(* Let $X$ be a set, $\Omega$ a class of double sequences in $X$ with associated limits satisfying conditions (i)–(iv) below, and let $\tau$ be the resulting convergence topology on $X$. Let $\Sigma$ be the collection of all double sequences in $X$ that converge in Pringsheim's sense with respect to $\tau$. Then $\Omega\subseteq\Sigma$; more precisely, if $x\in\Omega$ has limit $l$, then $x$ converges in Pringsheim's sense to $l$ in $(X,\tau)$. Conditions: (i) for every $p\in X$, the constant double sequence $x_{ij}=p$ belongs to $\Omega$ and has limit $p$; (ii) if $x\in\Omega$ has limit $l$ and $z$ is obtained from $x$ by addition of finitely many terms, then $z\in\Omega$ has limit $l$; (iii) if $A,B$ are nonempty disjoint subsets of $X$ and $x\in\Omega$ has all terms in $A\cup B$ and limit $p$, then there is $y\in\Omega$ with limit $p$, range contained in the range of $x$, and terms all in $A$ or all in $B$; (iv) if $x=\{x_{ij}\}\in\Omega$ has limit $p$ and $\{x_n\}$ is a sequence with $x_n=x_{i_nj_n}$ for some $i_n>n$, $j_n>n$, then $y_{ij}=x_i$ ($i,j\in\mathbb{N}$) belongs to $\Omega$ and has limit $p$.
   Context: Addition of one term to a double sequence $\{x_{ij}\}$: given $y\in X$ and $m,n\in\mathbb{N}$, either insert $y$ into row $m$ right after position $n$ (shifting the later entries of row $m$ one place to the right, other rows unchanged) or into column $n$ right after position $m$ (shifting later entries of column $n$ one place down, other columns unchanged); addition of finitely many terms is the successive application of such single insertions. The convergence topology $\tau$ on $X$ determined by $\Omega$: $G\subseteq X$ is open iff no member of $\Omega$ all of whose terms lie in $X\setminus G$ has a limit in $G$ (this is a topology). A double sequence $\{x_{ij}\}$ converges in Pringsheim's sense to $\xi$ in $(X,\tau)$ if for every open $U\ni\xi$ there is $k$ with $x_{ij}\in U$ for all $i>k$, $j>k$. *)

(* Double sequences in X are functions nat -> nat -> X
   (indices start at 0; this is only a relabelling of N = {1,2,...}). *)
From Stdlib Require Import Arith.

Definition dseq (X : Type) := nat -> nat -> X.

Definition insert_row {X : Type} (m n : nat) (y : X) (x : dseq X) : dseq X :=
  fun i j =>
    if Nat.eqb i m then
      (if Nat.leb j n then x i j
       else if Nat.eqb j (S n) then y else x i (Nat.pred j))
    else x i j.

Definition insert_col {X : Type} (m n : nat) (y : X) (x : dseq X) : dseq X :=
  fun i j =>
    if Nat.eqb j n then
      (if Nat.leb i m then x i j
       else if Nat.eqb i (S m) then y else x (Nat.pred i) j)
    else x i j.

Inductive add_one_term {X : Type} (x : dseq X) : dseq X -> Prop :=
  | aot_row : forall m n y, add_one_term x (insert_row m n y x)
  | aot_col : forall m n y, add_one_term x (insert_col m n y x).

Inductive add_finitely {X : Type} (x : dseq X) : dseq X -> Prop :=
  | af_nil : add_finitely x x
  | af_step : forall z w, add_finitely x z -> add_one_term z w -> add_finitely x w.

(* Omega is given by a membership predicate Om and a limit assignment lim
   (only its values on members of Omega matter). *)
Definition cond_i {X : Type} (Om : dseq X -> Prop) (lim : dseq X -> X) : Prop :=
  forall p : X, Om (fun _ _ => p) /\ lim (fun _ _ => p) = p.

Definition cond_ii {X : Type} (Om : dseq X -> Prop) (lim : dseq X -> X) : Prop :=
  forall x z : dseq X, Om x -> add_finitely x z -> Om z /\ lim z = lim x.

Definition cond_iii {X : Type} (Om : dseq X -> Prop) (lim : dseq X -> X) : Prop :=
  forall (A B : X -> Prop) (x : dseq X),
    (exists a, A a) -> (exists b, B b) -> (forall t, A t -> B t -> False) ->
    Om x -> (forall i j, A (x i j) \/ B (x i j)) ->
    exists y : dseq X, Om y /\ lim y = lim x /\
      (forall i j, exists k l, y i j = x k l) /\
      ((forall i j, A (y i j)) \/ (forall i j, B (y i j))).

Definition cond_iv {X : Type} (Om : dseq X -> Prop) (lim : dseq X -> X) : Prop :=
  forall (x : dseq X) (ii jj : nat -> nat),
    Om x -> (forall n, n < ii n /\ n < jj n) ->
    Om (fun i _ => x (ii i) (jj i)) /\ lim (fun i _ => x (ii i) (jj i)) = lim x.

Definition tau_open {X : Type} (Om : dseq X -> Prop) (lim : dseq X -> X)
  (G : X -> Prop) : Prop :=
  forall x : dseq X, Om x -> (forall i j, ~ G (x i j)) -> ~ G (lim x).

Definition pringsheim {X : Type} (Om : dseq X -> Prop) (lim : dseq X -> X)
  (x : dseq X) (xi : X) : Prop :=
  forall U : X -> Prop, tau_open Om lim U -> U xi ->
    exists k, forall i j, k < i -> k < j -> U (x i j).

Definition Sigma {X : Type} (Om : dseq X -> Prop) (lim : dseq X -> X)
  (x : dseq X) : Prop := exists xi, pringsheim Om lim x xi.

(* Only condition (iv) is needed. If x in Omega with limit l did not converge
   to l in Pringsheim's sense, some open U containing l would miss, for every n,
   a term x_{i_n j_n} with i_n, j_n > n. By (iv) the double sequence
   y_{ij} = x_{i_i j_i} lies in Omega with limit l, yet none of its terms lies
   in U, contradicting the openness of U. *)
From Stdlib Require Import Classical ClassicalEpsilon.

Lemma not_eventually_diagonal_witness (P : nat -> nat -> Prop) :
  ~ (exists k, forall i j, k < i -> k < j -> P i j) ->
  exists ii jj : nat -> nat, forall n, n < ii n /\ n < jj n /\ ~ P (ii n) (jj n).
Proof.
  intros not_eventually.
  assert (witness : forall n, exists ij : nat * nat,
            n < fst ij /\ n < snd ij /\ ~ P (fst ij) (snd ij)).
  { intros n; apply NNPP; intros no_witness.
    apply not_eventually; exists n; intros i j lt_ni lt_nj.
    apply NNPP; intros not_P.
    apply no_witness; exists (i, j); auto. }
  destruct (choice _ witness) as [f Hf].
  exists (fun n => fst (f n)), (fun n => snd (f n)); exact Hf.
Qed.

Lemma Om_pringsheim_lim {X : Type} {Om : dseq X -> Prop} {lim : dseq X -> X}
  (Hiv : cond_iv Om lim) {x : dseq X} :
  Om x -> pringsheim Om lim x (lim x).
Proof.
  intros Om_x U U_open U_lim.
  apply NNPP; intros not_eventually.
  destruct (not_eventually_diagonal_witness _ not_eventually) as [ii [jj Hij]].
  destruct (Hiv x ii jj Om_x) as [Om_y lim_y].
  { intros n; destruct (Hij n) as [? [? _]]; auto. }
  apply (U_open _ Om_y).
  - intros i _; destruct (Hij i) as [_ [_ not_U]]; exact not_U.
  - rewrite lim_y; exact U_lim.
Qed.

Theorem theorem3p4 (X : Type) (Om : dseq X -> Prop) (lim : dseq X -> X)
  (Hi : cond_i Om lim) (Hii : cond_ii Om lim)
  (Hiii : cond_iii Om lim) (Hiv : cond_iv Om lim) :
  (forall x : dseq X, Om x -> Sigma Om lim x) /\
  (forall x : dseq X, Om x -> pringsheim Om lim x (lim x)).
Proof.
  split; intros x Om_x.
  - exists (lim x); exact (Om_pringsheim_lim Hiv Om_x).
  - exact (Om_pringsheim_lim Hiv Om_x).
Qed.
------------------------
How to complete this task: Respond with one number, namely the count of lines in the entries above that hold the word "Definition".

Reply to the exercise: 10